Любовь горячей лавой расплывалась в наших сердцах. Именно она подсказала оборотню подхватить меня на руки и уложить на постель, предварительно стащив с него покрывало, по которому проползла горничная. А потом Хол принялся выцеловывать на моём теле каждый сантиметр, произносить слова, от которых кипела кровь, и хотелось ещё большей близости. Мы словно два сумасшедших, дорвавшихся друг до друга, срывали одежду, катались по белоснежным простыням. Я знаю, что такое невозможность насытиться конкретным мужчиной. Другие мне просто неинтересны! Холгер — это часть моего сердца, которая просто не может считать себя целой без меня.
После нашей бурной встречи, когда сердце немного сбавило бешеный ритм, а я лежала рядом с любимым, Хол произнёс:
— Знаешь, я принял решение выкинуть её с территории снежных барсов или вообще с Шеата.

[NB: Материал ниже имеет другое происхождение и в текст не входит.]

(* Let $\varepsilon\in(0,\tfrac12)$, $n\ge 0$, and let $W_n$ be the weighted diamond defined below. Then any shortest (weighted) path between two vertices of $W_n$ contains at most one edge of weight $1$, and for each $j\in\{1,\dots,n\}$ at most two edges of weight $(\tfrac12+\varepsilon)^j$.
   Context: Diamonds: $D_0$ is an edge; $D_i$ is obtained from $D_{i-1}$ by replacing each edge $uv$ by a quadrilateral $u,a,v,b$. Weighted diamonds: $W_0=D_0$ with its edge of weight $1$; for $n\ge1$, $W_n$ has vertex set $V(D_n)$ and edge set $E(W_{n-1})\cup E(D_n)$, where edges of $W_{n-1}$ keep their weights and each edge of $D_n$ gets weight $(\tfrac12+\varepsilon)^n$. The length of a path is the sum of the weights of its edges; a shortest path is one of minimal length between its endpoints. *)

From HB Require Import structures.
From mathcomp Require Import all_boot all_order all_algebra.
Set Implicit Arguments. Unset Strict Implicit. Unset Printing Implicit Defensive.
Import Order.TTheory GRing.Theory Num.Theory.

(* An edge of D_n is encoded by a word of length n over bool*bool: the k-th *)
(* letter (side, br) says how the edge was obtained at step k: when an edge *)
(* uv of D_(k-1) (encoded by the prefix p) is replaced by the quadrilateral *)
(* u, a, v, b, the new vertex a/b is  Mid p br  (br = false: a, true: b),   *)
(* and side = false selects the edge u--(Mid p br), side = true the edge    *)
(* (Mid p br)--v.                                                           *)
(* Vertices: inl false = bottom endpoint s of D_0, inl true = top endpoint  *)
(* t of D_0, inr (p, br) = Mid p br, created at level (size p).+1.          *)

Definition word := seq (bool * bool).
Definition vertex := (bool + (word * bool))%type.

Definition vS : vertex := inl false.
Definition vT : vertex := inl true.
Definition vMid (p : word) (br : bool) : vertex := inr (p, br).

(* vertex set of D_n (= vertex set of W_n) *)
Definition in_V (n : nat) (x : vertex) : bool :=
  match x with
  | inl _ => true
  | inr (p, _) => size p < n
  end.

Definition step (st : (vertex * vertex) * word) (c : bool * bool) :=
  let: (uv, p) := st in
  let: (u, v) := uv in
  let m := vMid p c.2 in
  ((if c.1 then (m, v) else (u, m)), rcons p c).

Выбирай.
Я поёжилась от услышанного.
— Может, просто запретишь ей приближаться к нашей семье или появляться в столице?
— Боюсь, таким образом эта тва… найдёт себе ещё одного единомышленника. По моим наблюдениям, у неё хорошо получается манипулировать кем-нибудь.

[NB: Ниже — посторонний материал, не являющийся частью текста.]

(** Shards of distinct hyperplanes are distinct: each shard of H_b contains
    a point off any other hyperplane H_b'. *)
Lemma shards_of_distinct_hyperplanes n b b' S S' : In b (PhiD n) -> In b' (PhiD n) ->
  is_shard_of n (PhiD n) b S -> is_shard_of n (PhiD n) b' S' -> same_set S S' -> b = b'.
Proof.
  intros Hb Hb' P P' E. destruct (classic (b = b')) as [|N]; auto. exfalso.
  apply is_shard_of_iff in P. apply is_shard_of_iff in P'.
  destruct P as [x [Dx Ex]]. destruct P' as [x' [Dx' Ex']].
  assert (Y : exists y, component (shard_cell n b) x y /\ ip n y b' <> 0).
  { destruct (Req_dec (ip n x b') 0) as [Z|Z].
    - set (w := orth_part n b' b).
      destruct (orth_part_facts n b' b Hb' Hb (not_eq_sym N)) as [Vw [wb wb']].
      fold w in Vw, wb, wb'.
      destruct (proj1 (shard_cell_iff n b x) Dx) as [Vx [Zx Nx]].
      destruct (small_perturbation (PhiD n) (fun g => cuts n (PhiD n) g b)
                  (fun g => ip n x g) (fun g => ip n w g) Nx) as [d [Hd Pd]].
      exists (fun k => 1 * x k + d * w k). split.
      + apply component_cell_iff. split; auto. split.
        * apply shard_cell_iff. split; [|split].
          -- intros k Hk. rewrite Vx, Vw; auto; ring.
          -- rewrite ip_lin_l, Zx, wb; ring.
          -- intros g Hg Cg. rewrite ip_lin_l, Rmult_1_l. apply (Pd g Hg Cg).
        * intros g Hg Cg. rewrite ip_lin_l, Rmult_1_l. apply (Pd g Hg Cg).
      + rewrite ip_lin_l, Z. nra.
    - exists x. split; auto. apply component_cell_iff.
      split; [|split]; auto using same_side_refl. }
  destruct Y as [y [Cy Ny]]. apply Ny.
  apply (shard_in_hyperplane n b' x'). apply Ex'. apply E. apply Ex.
  apply closure_self; [|exact Cy].
  apply component_cell_iff in Cy. apply (proj1 (proj2 Cy)).
Qed.

Lemma num_sets_ext (P P' : (vec -> Prop) -> Prop) N :
  (forall S, P S <-> P' S) -> num_sets P N -> num_sets P' N.
Proof.
  intros E [f [A [B C]]]. exists f. split; [|split]; auto.
  - intros; apply E; auto.
  - intros S H. apply C, E; auto.
Qed.

Lemma num_sets_union {I : Type} (l : list I) (Pf : I -> (vec -> Prop) -> Prop) (N : I -> nat) :
  NoDup l -> (forall c, In c l -> num_sets (Pf c) (N c)) ->
  (forall c c' S S', In c l -> In c' l -> Pf c S -> Pf c' S' -> same_set S S' -> c = c') ->
  num_sets (fun S => exists c, In c l /\ Pf c S) (list_sum (map N l)).
Proof.
  induction l as [|a l IH]; intros ND H D.
  - exists (fun _ _ => False). split; [|split]; intros; simpl in *; try lia.
    destruct H0 as [c [[] _]].
  - inversion ND; subst.
    destruct (H a (or_introl eq_refl)) as [fa [A1 [A2 A3]]].
    destruct (IH H3 (fun c Hc => H c (or_intror Hc))
                (fun c c' S S' Hc Hc' => D c c' S S' (or_intror Hc) (or_intror Hc')))
      as [fl [B1 [B2 B3]]].
    simpl. exists (fun k => if Nat.ltb k (N a) then fa k else fl (k - N a)%nat).
    split; [|split].
    + intros k Hk. destruct (Nat.ltb_spec k (N a)).
      * exists a; split; simpl; auto.
      * destruct (B1 (k - N a)%nat ltac:(lia)) as [c [Hc P]]. exists c; split; simpl; auto.
    + intros k k' Hk Hk' E. destruct (Nat.ltb_spec k (N a)), (Nat.ltb_spec k' (N a)).
      * apply A2; auto.
      * exfalso. destruct (B1 (k' - N a)%nat ltac:(lia)) as [c [Hc P]].
        assert (a = c) by (apply (D a c (fa k) (fl (k' - N a)%nat)); simpl; auto).
        subst; contradiction.
      * exfalso. destruct (B1 (k - N a)%nat ltac:(lia)) as [c [Hc P]].
        assert (c = a) by (apply (D c a (fl (k - N a)%nat) (fa k')); simpl; auto).
        subst; contradiction.
      * assert (k - N a = k' - N a)%nat by (apply B2; auto; lia). lia.
    + intros S [c [[E|Hc] P]].
      * subst. destruct (A3 S P) as [k [Hk E]]. exists k. split. lia.
        destruct (Nat.ltb_spec k (N c)); auto; lia.
      * destruct (B3 S (ex_intro _ c (conj Hc P))) as [k [Hk E]].
        exists (k + N a)%nat. split. lia.
        destruct (Nat.ltb_spec (k + N a) (N a)). lia.
        replace (k + N a - N a)%nat with k by lia. auto.
Qed.

Definition posb (r : R) : bool := if Rlt_dec 0 r then true else false.

Lemma posb_true r : posb r = true <-> 0 < r.
Proof. unfold posb. destruct (Rlt_dec 0 r); split; intros; auto; easy. Qed.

— Знаешь, — приподнялась на локте и взглянула в любимые глаза, которые тут же одарили меня красками неба, — наверное, я не очень хорошая дочь. И мне не особо стыдно… но реши это сам. Без меня. Тебе виднее, что может выкинуть Валерия в следующий раз. Но я не хочу, чтобы она лезла в нашу жизнь. И тем более к детям.

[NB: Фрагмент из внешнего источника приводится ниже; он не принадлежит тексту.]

Definition diagonal_form (a b1 b2 b3 c1 c2 c3 d : C) (u v w : 'rV[R]_6) : C :=
         a  * wedge3 (dz o0)  (dz o1)  (dz o2)  u v w
       + b1 * wedge3 (dzb o0) (dz o1)  (dz o2)  u v w
       + b2 * wedge3 (dz o0)  (dzb o1) (dz o2)  u v w
       + b3 * wedge3 (dz o0)  (dz o1)  (dzb o2) u v w
       + c1 * wedge3 (dz o0)  (dzb o1) (dzb o2) u v w
       + c2 * wedge3 (dzb o0) (dz o1)  (dzb o2) u v w
       + c3 * wedge3 (dzb o0) (dzb o1) (dz o2)  u v w
       + d  * wedge3 (dzb o0) (dzb o1) (dzb o2) u v w.

Definition dz_val (t : bool) : C := if t then 'i else 1.
Definition dzb_val (t : bool) : C := if t then - 'i else 1.

Lemma dz_ebase j k t : dz j (ebase R (xy k t)) = (k == j)%:R * dz_val t.
Proof.
by case: t; rewrite /dz !mxE !eqxx /= ?eq_xi ?eq_yi ?eq_xi_yi ?eq_yi_xi !rmorph_nat
  (eq_sym j) /=; ring.
Qed.

Lemma dzb_ebase j k t : dzb j (ebase R (xy k t)) = (k == j)%:R * dzb_val t.
Proof.
by case: t; rewrite /dzb !mxE !eqxx /= ?eq_xi ?eq_yi ?eq_xi_yi ?eq_yi_xi !rmorph_nat
  (eq_sym j) /=; ring.
Qed.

После откровений шеатара назвать женщину мамой как-то язык не повернулся. Да, от этого мне не легче. И горечь в груди никуда не делась. Но я переживу это, перешагну через себя. Главное, чтобы мои любимые не страдали. А видеть ещё одну горничную «во всеоружии» я не желаю.
— Иди сюда, — произнёс оборотень, чуть не урча от удовольствия укладывая меня к себе на грудь. И эта его поддержка мне показалась бальзамом на раненое самолюбие и растревоженное сердце. — И вообще, Юль, я не хочу следовать традициям шеатаров. С сегодняшнего дня спим вместе! Если, конечно, не возражаешь. Потому как честь невесты и всё такое…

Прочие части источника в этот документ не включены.